(* Let $n=n_1+n_2+n_3=m_1+m_2+m_3$ be partitions of $n$ into positive integers, let $G=U(n)$, let $L=U(n_1)\times U(n_2)\times U(n_3)$ and $H=U(m_1)\times U(m_2)\times U(m_3)$ be the natural block-diagonal subgroups of $G$, and let $G'=O(n)$. Then $LG'H\subsetneq G$.
   Context: $LG'H=\{xyz:x\in L,y\in G',z\in H\}$. *)

From HB Require Import structures.
From mathcomp Require Import all_boot all_order all_algebra.
From mathcomp Require Import complex.
From mathcomp Require Import Rstruct.
Set Implicit Arguments. Unset Strict Implicit. Unset Printing Implicit Defensive.
Import Order.TTheory GRing.Theory Num.Theory.
Local Open Scope ring_scope.

Definition CC : numClosedFieldType := (Rdefinitions.R)[i].

Definition adjmx n (A : 'M[CC]_n) : 'M[CC]_n := (map_mx Num.conj A)^T.

Definition unitaryC n (A : 'M[CC]_n) : bool := A *m adjmx A == 1%:M.

Definition orthoR n (A : 'M[CC]_n) : bool :=
  [forall i, forall j, A i j \is Num.real] && (A *m A^T == 1%:M).

Definition blk (k1 k2 i : nat) : nat :=
  if (i < k1)%N then 0%N else if (i < k1 + k2)%N then 1%N else 2%N.

(* The natural block-diagonal subgroup U(k1) x U(k2) x U(k3) of U(n),
   where n = k1 + k2 + k3 (k3 is determined by n). *)
Definition blockU n (k1 k2 : nat) (A : 'M[CC]_n) : bool :=
  unitaryC A &&
  [forall i : 'I_n, forall j : 'I_n,
     (blk k1 k2 i != blk k1 k2 j) ==> (A i j == 0)].

(* For g in U(n) let P_c and Q_c be the coordinate projections onto the c-th
   block of the partitions (n1, n2, n3) and (m1, m2, m3), and put
   tau(g) = tr (P_0 g Q_0 g^* P_1 g Q_1 g^* ).  P_c commutes with L and Q_c
   with H, so tau(x g z) = tau(g) for x in L and z in H; and tau is real on
   real matrices, hence on O(n).  So tau is real on L O(n) H.  A unitary that
   acts as a 3 x 3 unitary W on one coordinate of each block (followed by a
   transposition matching the blocks of the second partition) has
   tau = W_00 W_10^* W_11 W_01^*, which is not real for a suitable W. *)

From HB Require Import structures.
From mathcomp Require Import all_boot all_order all_algebra perm.
From mathcomp Require Import complex Rstruct sesquilinear spectral.
From mathcomp Require Import ring lra zify.
Set Implicit Arguments. Unset Strict Implicit. Unset Printing Implicit Defensive.
Import Order.TTheory GRing.Theory Num.Theory.
Local Open Scope ring_scope.
Local Open Scope sesquilinear_scope.

Lemma adjmxE n (A : 'M[CC]_n) : adjmx A = A ^t*.
Proof. by rewrite /adjmx map_trmx. Qed.

Lemma unitaryCE n (A : 'M[CC]_n) : unitaryC A = (A \is unitarymx).
Proof. by rewrite /unitaryC adjmxE. Qed.

Lemma adjmxD m n (A B : 'M[CC]_(m, n)) : (A + B) ^t* = A ^t* + B ^t*.
Proof. by apply/matrixP=> i j; rewrite !mxE rmorphD. Qed.

Lemma adjmx1 n : (1%:M : 'M[CC]_n) ^t* = 1%:M.
Proof. by apply/matrixP=> i j; rewrite !mxE eq_sym rmorph_nat. Qed.

Lemma real_adjmx m n (A : 'M[CC]_(m, n)) : A \is a mxOver Num.real -> A ^t* = A^T.
Proof. by move=> /mxOverP realA; apply/matrixP=> i j; rewrite !mxE conj_Creal. Qed.

Lemma real_adjmx_real m n (A : 'M[CC]_(m, n)) :
  A \is a mxOver Num.real -> A ^t* \is a mxOver Num.real.
Proof.
by move=> realA; rewrite real_adjmx //; apply/mxOverP=> i j; rewrite mxE (mxOverP realA).
Qed.

Lemma orthoR_real n (y : 'M[CC]_n) : orthoR y -> y \is a mxOver Num.real.
Proof. by case/andP=> /forallP realy _; apply/mxOverP=> i j; move/forallP: (realy i). Qed.

Lemma orthoR_unitary n (y : 'M[CC]_n) : orthoR y -> y \is unitarymx.
Proof. by move=> oy; rewrite qualifE real_adjmx ?orthoR_real //; case/andP: oy. Qed.

Lemma blockU_unitary n k1 k2 (x : 'M[CC]_n) : blockU k1 k2 x -> x \is unitarymx.
Proof. by case/andP; rewrite unitaryCE. Qed.

Lemma mxtrace_unitary_conj n (x A : 'M[CC]_n) :
  x \is unitarymx -> \tr (x *m A *m x ^t*) = \tr A.
Proof. by move=> ux; rewrite mxtrace_mulC mulmxA -[x ^t*]mul1mx mulmxKtV ?mul1mx. Qed.

Lemma unitary_conjM n (x A B : 'M[CC]_n) : x \is unitarymx ->
  x *m A *m x ^t* *m (x *m B *m x ^t*) = x *m (A *m B) *m x ^t*.
Proof. by move=> ux; rewrite !mulmxA mulmxKtV. Qed.

Lemma mulmx_1D n (A B : 'M[CC]_n) :
  (1%:M + A) *m (1%:M + B) = 1%:M + (A + B + A *m B).
Proof. by rewrite mulmxDl !mulmxDr !mul1mx mulmx1 !addrA [1%:M + B + A]addrAC. Qed.

Lemma unitarymx_dilation m n (P : 'M[CC]_(m, n)) (W : 'M[CC]_m) :
  P \is unitarymx -> W \is unitarymx ->
  1%:M + P ^t* *m (W - 1%:M) *m P \is unitarymx.
Proof.
move=> uP /unitarymxP uW; apply/unitarymxP; set D := W - 1%:M.
have W1D : 1%:M + D = W by rewrite addrC subrK.
have W1D' : 1%:M + D ^t* = W ^t* by rewrite -adjmx1 -adjmxD W1D.
have DD0 : D + D ^t* + D *m D ^t* = 0.
  by apply: (@addrI _ 1%:M); rewrite addr0 -mulmx_1D W1D W1D' uW.
have adjPDP : (P ^t* *m D *m P) ^t* = P ^t* *m D ^t* *m P.
  by rewrite !trmx_mul !map_mxM trmxCK mulmxA.
rewrite adjmxD adjmx1 adjPDP mulmx_1D.
have -> : P ^t* *m D *m P *m (P ^t* *m D ^t* *m P) = P ^t* *m (D *m D ^t*) *m P.
  by rewrite !mulmxA mulmxtVK.
by rewrite -!mulmxDl -!mulmxDr DD0 mulmx0 mul0mx addr0.
Qed.

Lemma rowsub1_unitary k n (a : 'I_k -> 'I_n) :
  injective a -> rowsub a (1%:M : 'M[CC]_n) \is unitarymx.
Proof.
move=> inj_a; apply/unitarymxP/matrixP=> r s; rewrite !mxE.
rewrite (big_only1 (a r)) //= => [|j]; last first.
  by rewrite !mxE eq_sym => /negPf->; rewrite mul0r.
by rewrite !mxE eqxx conjC_nat mul1r eq_sym (inj_eq inj_a).
Qed.

Lemma perm_mx_unitary n (s : 'S_n) : (perm_mx s : 'M[CC]_n) \is unitarymx.
Proof. by rewrite perm_mxEsub rowsub1_unitary //; apply: perm_inj. Qed.

Section BlockCorrelation.
Variable n : nat.
Implicit Types (b bL bR : 'I_n -> nat) (g x y z : 'M[CC]_n).

Definition blockdiag b x := forall i j, b i != b j -> x i j = 0.

Definition block_proj b (c : nat) : 'M[CC]_n := diag_mx (\row_i (b i == c)%:R).

Definition block_corr bL bR c g :=
  block_proj bL c *m g *m block_proj bR c *m g ^t*.

Definition corr_trace bL bR g :=
  \tr (block_corr bL bR 0%N g *m block_corr bL bR 1%N g).

Definition overlap b c g i k := \sum_(j | b j == c) g i j * (g k j)^*.

Lemma block_proj_comm b c x :
  blockdiag b x -> block_proj b c *m x = x *m block_proj b c.
Proof.
move=> bx; apply/matrixP=> i j; rewrite mul_diag_mx mul_mx_diag !mxE.
by have [->|/bx->] := eqVneq (b i) (b j); [exact: mulrC | rewrite mulr0 mul0r].
Qed.

Lemma block_proj_real b c : block_proj b c \is a mxOver Num.real.
Proof. by apply/mxOver_diag => //; apply/mxOverP=> i j; rewrite mxE realn. Qed.

Lemma block_proj_perm b c (s : 'S_n) :
  perm_mx s *m block_proj b c *m (perm_mx s) ^t* = block_proj (b \o s) c.
Proof.
rewrite real_adjmx ?tr_perm_mx -?col_permE -?row_permE; last first.
  by apply/mxOverP=> i j; rewrite !mxE realn.
by apply/matrixP=> i j; rewrite !mxE (inj_eq perm_inj).
Qed.

Lemma block_corr_mul bL bR c x y z :
  blockdiag bL x -> z \is unitarymx -> blockdiag bR z ->
  block_corr bL bR c (x *m y *m z) = x *m block_corr bL bR c y *m x ^t*.
Proof.
move=> bx uz bz; rewrite /block_corr !trmx_mul !map_mxM !mulmxA.
rewrite (block_proj_comm c bx) -[_ *m z *m _]mulmxA -(block_proj_comm c bz).
by rewrite mulmxA mulmxtVK.
Qed.

Lemma block_corr_perm bL bR c g (s : 'S_n) :
  block_corr bL bR c (g *m perm_mx s) = block_corr bL (bR \o s) c g.
Proof. by rewrite /block_corr -(block_proj_perm bR c s) trmx_mul map_mxM !mulmxA. Qed.

Lemma block_corrE bL bR c g i k :
  block_corr bL bR c g i k = (bL i == c)%:R * overlap bR c g i k.
Proof.
rewrite /block_corr mul_diag_mx mul_mx_diag mxE /overlap mulr_sumr [RHS]big_mkcond.
apply: eq_bigr => j _; rewrite !mxE.
by case: (bR j == c); rewrite ?mulr1 ?mulr0 ?mul0r ?mulrA.
Qed.

Lemma corr_trace_mul bL bR x y z :
  x \is unitarymx -> blockdiag bL x -> z \is unitarymx -> blockdiag bR z ->
  corr_trace bL bR (x *m y *m z) = corr_trace bL bR y.
Proof.
move=> ux bx uz bz; rewrite /corr_trace !(block_corr_mul _ _ bx uz bz).
by rewrite (unitary_conjM _ _ ux) (mxtrace_unitary_conj _ ux).
Qed.

Lemma corr_trace_real bL bR y :
  y \is a mxOver Num.real -> corr_trace bL bR y \is Num.real.
Proof.
move=> realy; have realF c : block_corr bL bR c y \is a mxOver Num.real.
  by rewrite /block_corr !mxOverM ?block_proj_real ?real_adjmx_real.
by rewrite /mxtrace rpred_sum // => i _; apply: (mxOverP (mxOverM (realF 0) (realF 1))).
Qed.

Lemma corr_trace_perm bL bR g (s : 'S_n) :
  corr_trace bL bR (g *m perm_mx s) = corr_trace bL (bR \o s) g.
Proof. by rewrite /corr_trace !block_corr_perm. Qed.

Lemma corr_traceE bL bR g : corr_trace bL bR g =
  \sum_(i | bL i == 0%N) \sum_(k | bL k == 1%N)
    overlap bR 0%N g i k * overlap bR 1%N g k i.
Proof.
rewrite /corr_trace /mxtrace [RHS]big_mkcond; apply: eq_bigr => i _.
(* The contextual patterns stop [rewrite] from testing the two [block_corr]
   factors for convertibility, which takes very long to fail. *)
rewrite mxE; under eq_bigr => k _ do
  rewrite [X in X * _]block_corrE [X in _ * X]block_corrE mulrACA.
case: (bL i == 0%N); last by rewrite big1 // => k _; rewrite !mul0r.
rewrite [RHS]big_mkcond; apply: eq_bigr => k _.
by case: (bL k == 1%N); rewrite !(mul1r, mul0r).
Qed.

Lemma overlap_single b c g i k j0 :
  (forall j, j != j0 -> g i j = 0) -> b j0 != c ->
  overlap b c g i k = 0 /\ overlap b c g k i = 0.
Proof.
move=> gi0 bj0; have gi j : b j == c -> g i j = 0.
  by move=> bj; apply: gi0; apply: contraNneq bj0 => <-.
by split; apply: big1 => j /gi->; rewrite ?conjC0 ?mulr0 ?mul0r.
Qed.

Lemma overlap_prod_single b g i k j0 : (forall j, j != j0 -> g i j = 0) ->
  overlap b 0%N g i k * overlap b 1%N g k i = 0 /\
  overlap b 0%N g k i * overlap b 1%N g i k = 0.
Proof.
move=> gi0; have [bj0|bj0] := eqVneq (b j0) 0%N.
  have bj1 : b j0 != 1%N by rewrite bj0.
  by have [-> ->] := overlap_single k gi0 bj1; rewrite !mulr0.
by have [-> ->] := overlap_single k gi0 bj0; rewrite !mul0r.
Qed.

End BlockCorrelation.

Section Embedding.
Variables (n k : nat) (a : 'I_k -> 'I_n).
Implicit Type W : 'M[CC]_k.

(* [rowsub a 1%:M] selects the coordinates [a r]: for injective [a],
   [embed_mx W] acts as [W] on them and as the identity on the others. *)
Definition embed_mx W : 'M[CC]_n :=
  1%:M + (rowsub a 1%:M) ^t* *m (W - 1%:M) *m rowsub a 1%:M.

Lemma embed_mx_unitary W :
  injective a -> W \is unitarymx -> embed_mx W \is unitarymx.
Proof. by move=> inj_a; apply: unitarymx_dilation; apply: rowsub1_unitary. Qed.

Lemma embed_mxE W i j : embed_mx W i j =
  (i == j)%:R + \sum_r \sum_s (a r == i)%:R * (W - 1%:M) r s * (a s == j)%:R.
Proof.
rewrite !mxE exchange_big; congr (_ + _); apply: eq_bigr => s _.
rewrite !mxE mulr_suml; apply: eq_bigr => r _.
by rewrite !mxE conjC_nat.
Qed.

Lemma embed_mx_id_row W i j : i \notin codom a -> embed_mx W i j = (i == j)%:R.
Proof.
move=> ni; rewrite embed_mxE big1 ?addr0 // => r _; rewrite big1 // => s _.
suff /negPf-> : a r != i by rewrite !mul0r.
by apply: contraNneq ni => <-; apply: codom_f.
Qed.

Lemma embed_mx_id_col W i j : j \notin codom a -> embed_mx W i j = (i == j)%:R.
Proof.
move=> nj; rewrite embed_mxE big1 ?addr0 // => r _; rewrite big1 // => s _.
suff /negPf-> : a s != j by rewrite !mulr0.
by apply: contraNneq nj => <-; apply: codom_f.
Qed.

Lemma embed_mx_codom W r s : injective a -> embed_mx W (a r) (a s) = W r s.
Proof.
move=> inj_a; rewrite embed_mxE (inj_eq inj_a) (big_only1 r) // => [|r' /negPf nr' _].
  rewrite (big_only1 s) // => [|s' /negPf ns' _]; last by rewrite !(inj_eq inj_a) ns' mulr0.
  by rewrite !eqxx mul1r mulr1 !mxE subrKC.
by rewrite big1 // => s' _; rewrite !(inj_eq inj_a) nr' !mul0r.
Qed.

End Embedding.

Lemma corr_trace_embed n (bL bR : 'I_n -> nat) (a : 'I_3 -> 'I_n) (W : 'M[CC]_3) :
  (forall r, bL (a r) = r) -> (forall r, bR (a r) = r) ->
  corr_trace bL bR (embed_mx a W) = W 0 0 * (W 1 0)^* * (W 1 1 * (W 0 1)^*).
Proof.
move=> aL aR; set E := embed_mx a W.
have inj_a : injective a by move=> r r' /(congr1 bL); rewrite !aL => /val_inj.
have out_codom (b : 'I_n -> nat) : (forall r, b (a r) = r) ->
    forall i (r : 'I_3), b i == r -> i != a r -> i \notin codom a.
  move=> ab i r /eqP bi; apply: contra => /codomP [r' ia]; apply/eqP.
  by rewrite ia; congr a; apply: ord_inj; rewrite -bi ia ab.
have E_row i : i \notin codom a -> forall j, j != i -> E i j = 0.
  by move=> ni j /negPf ji; rewrite /E embed_mx_id_row // eq_sym ji.
have E_col j (r : 'I_3) : j \notin codom a -> j != a r -> E (a r) j = 0.
  by move=> nj /negPf jr; rewrite /E embed_mx_id_col // eq_sym jr.
rewrite corr_traceE (big_only1 (a 0)) ?aL // => [|i ni bi]; last first.
  rewrite big1 // => k _.
  exact: (overlap_prod_single bR k (E_row i (out_codom _ aL i 0 bi ni))).1.
rewrite (big_only1 (a 1)) ?aL // => [|k nk bk]; last first.
  exact: (overlap_prod_single bR (a 0) (E_row k (out_codom _ aL k 1 bk nk))).2.
rewrite /overlap (big_only1 (a 0)) ?aR // => [|j nj bj]; last first.
  by rewrite E_col ?mul0r // (out_codom _ aR j 0 bj nj).
rewrite (big_only1 (a 1)) ?aR // => [|j nj bj]; last first.
  by rewrite E_col ?mul0r // (out_codom _ aR j 1 bj nj).
by rewrite /E !embed_mx_codom.
Qed.

Definition twist3 : 'M[CC]_3 := \matrix_(r, s)
  match val r, val s with
  | 0, 0 => Complex (2/3) (1/3)
  | 1, 1 | 2, 2 => Complex (1/3) (-1/3)
  | 1, 2 | 2, 1 => Complex (-2/3) (-1/3)
  | _, _ => Complex (1/3) (1/3)
  end.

§ **What to work on**
Look above for the line containing "where n = k1". Output from there through the line containing "tau(g) = tr", exactly and inclusively.

§ **Answer space**
   where n = k1 + k2 + k3 (k3 is determined by n). *)
Definition blockU n (k1 k2 : nat) (A : 'M[CC]_n) : bool :=
  unitaryC A &&
  [forall i : 'I_n, forall j : 'I_n,
     (blk k1 k2 i != blk k1 k2 j) ==> (A i j == 0)].

(* For g in U(n) let P_c and Q_c be the coordinate projections onto the c-th
   block of the partitions (n1, n2, n3) and (m1, m2, m3), and put
   tau(g) = tr (P_0 g Q_0 g^* P_1 g Q_1 g^* ).  P_c commutes with L and Q_c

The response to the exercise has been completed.